The most immediate impact of the blockade of the strait has been acute energy shortages in countries that are heavily reliant on imports, some of which have imposed emergency measures.

The Philippines, which imports 98% of its oil from the Middle East, has declared a national emergency, Sri Lanka has introduced fuel rationing and a four-day work week and the government in Vietnam has urged employers to allow staff to work from home.

North America and Europe are much less exposed to the near-term impacts but the prospect of an extended period of elevated energy prices will have consequences.

Prior to the war, the Bank of England was expected to cut interest rates two more times this year but, in the space of a month, there has been an unprecedented shift in interest rate expectations, and money markets are now pricing in at least two rate hikes with policymakers under pressure to curb the threat of inflation from surging energy prices.

Against this backdrop, the average price of a two-year fixed-rate mortgage in the UK has risen from 4.83% to 5.35%, the highest level since March 2025 when the war started.
While the lens of markets remains focussed on the conflict in the Middle East, there was lots of corporate news to digest last week.

Shares in Eli Lilly gained 6.6% after it won US regulatory approval for Foundayo, its weight-loss drug in pill form. The Food and Drug Administration gave the go-ahead to doctors to write prescriptions for the pill immediately to adult patients who are overweight and have at least one weight-related condition such as high blood pressure or type 2 diabetes.

Foundayo will give Eli Lilly a like-for-like competitor to Novo Nordisk’s Wegovy pill and will be a preferable alternative for many patients to its injectable treatments including Zepbound and Mounjaro.

In contrast, shares in Nike fell 14%, extending its year-to-date decline to more than 30% after it issued a profits warning, forecasting that revenues could decline in 2026 owing to fierce competition in China and disruptions in Europe.

The athletic footwear and clothing company has experienced sales declines in China for seven consecutive quarters, and the current one is expected to be even worse with a 20% fall.

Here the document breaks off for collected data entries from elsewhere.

(* Let $T$ be a negative subset and $W$ a positive subset of $\mathbb{N}^2$. If a nonvanishing nonempty finite multiset $U$ on $\mathbb{N}^2$ is bounded by $T,W$, then $\mathrm{BRSK}(U)$ is bounded by $T,W$.
   Context: $\mathbb{N}$ = positive integers. For a finite multiset $U$ on $\mathbb{N}^2$, $U_{(1)}$ and $U_{(2)}$ are the multisets of first and second coordinates; $U$ is negative/positive/nonvanishing if each element $(a,b)$ has $a<b$ / $a>b$ / $a\neq b$; $U^-$, $U^+$ are the negative and positive sub-multisets; $\iota$ swaps coordinates. For equal-size finite multisets of $\mathbb{N}$, $A\le B$ iff the sorted entries satisfy $a_i\le b_i$; $A\lessdot B$ iff $A,B$ nonempty and $a_i<b_i$. For finite multisets with $|A|+|D|=|B|+|C|$, ''$A-C\le B-D$'' means $A\sqcup D\le B\sqcup C$. For multisets $U,V$ on $\mathbb{N}^2$, $U\le V$ means $U_{(1)}-U_{(2)}\le V_{(1)}-V_{(2)}$. A chain is a subset $\{(e_1,f_1),\dots,(e_m,f_m)\}$ of $\mathbb{N}^2$ with $e_1<\dots<e_m$ and $f_1>\dots>f_m$. A nonempty multiset $U$ on $\mathbb{N}^2$ is bounded by $T,W$ if $T\le C\le W$ for every chain $C$ contained in the underlying set of $U$. A semistandard notched bitableau $(P,Q)$ with rows $P_1,\dots,P_r$, $Q_1,\dots,Q_r$ is bounded by $T,W$ if $T_{(1)}-T_{(2)}\le P_1-Q_1$ and $P_r-Q_r\le W_{(1)}-W_{(2)}$. Notched tableau: finite sequence of left-justified, possibly empty rows of positive integers; row strict if rows strictly increase (rows identified with entry sets). Notched bitableau: two notched tableaux of the same shape. $(P,Q)$ semistandard: row strict and $P_1-Q_1\le\dots\le P_r-Q_r$. $\iota(P,Q)$ = rows of $(Q,P)$ in reversed order. BRSK: a row-strict $P$ is semistandard on $b$ if $P^{<b}$ (entries $\ge b$ deleted) has weakly decreasing row lengths and weakly increasing columns; $P\xleftarrow{b}a$ ($a<b$): remove entries $\ge b$, row-insert $a$ (append at the end of a row if larger than all its entries and stop; else replace the smallest entry $\ge a$ and insert the replaced entry into the next row; a row below the last is empty; the last added box is the new box), then restore the removed entries at the right ends of their rows. For negative $U=\{(a_1,b_1),\dots,(a_t,b_t)\}$ listed with $b_1\ge\dots\ge b_t$ and $a_i\ge a_{i+1}$ when $b_i=b_{i+1}$: from the empty pair, $P^{(i+1)}=P^{(i)}\xleftarrow{b_{i+1}}a_{i+1}$, and $b_{i+1}$ is placed at the left end of row $j$ of $Q^{(i)}$, $j$ the row of the new box; $\mathrm{BRSK}(U)=(P^{(t)},Q^{(t)})$. For positive $U$, $\mathrm{BRSK}(U)=\iota(\mathrm{BRSK}(\iota U))$; for nonvanishing $U$, $\mathrm{BRSK}(U)$ has the rows of $\mathrm{BRSK}(U^-)$ followed by the rows of $\mathrm{BRSK}(U^+)$. *)

(* Multisets are represented by sequences (order irrelevant);
   N = positive integers is enforced by explicit positivity hypotheses. *)
From mathcomp Require Import all_boot.
Set Implicit Arguments. Unset Strict Implicit. Unset Printing Implicit Defensive.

Rival domestic brands, including Anta and Li Ning, have gained substantial market share by offering similar footwear at much lower prices.

Looking ahead, although this week’s economic calendar will likely be overshadowed by events in the Middle East, Friday’s release of the US monthly inflation report for March will be keenly watched.

The surge in US gasoline prices to more than $4 a gallon is expected to increase annual headline consumer price inflation up from 2.4% 3.4%.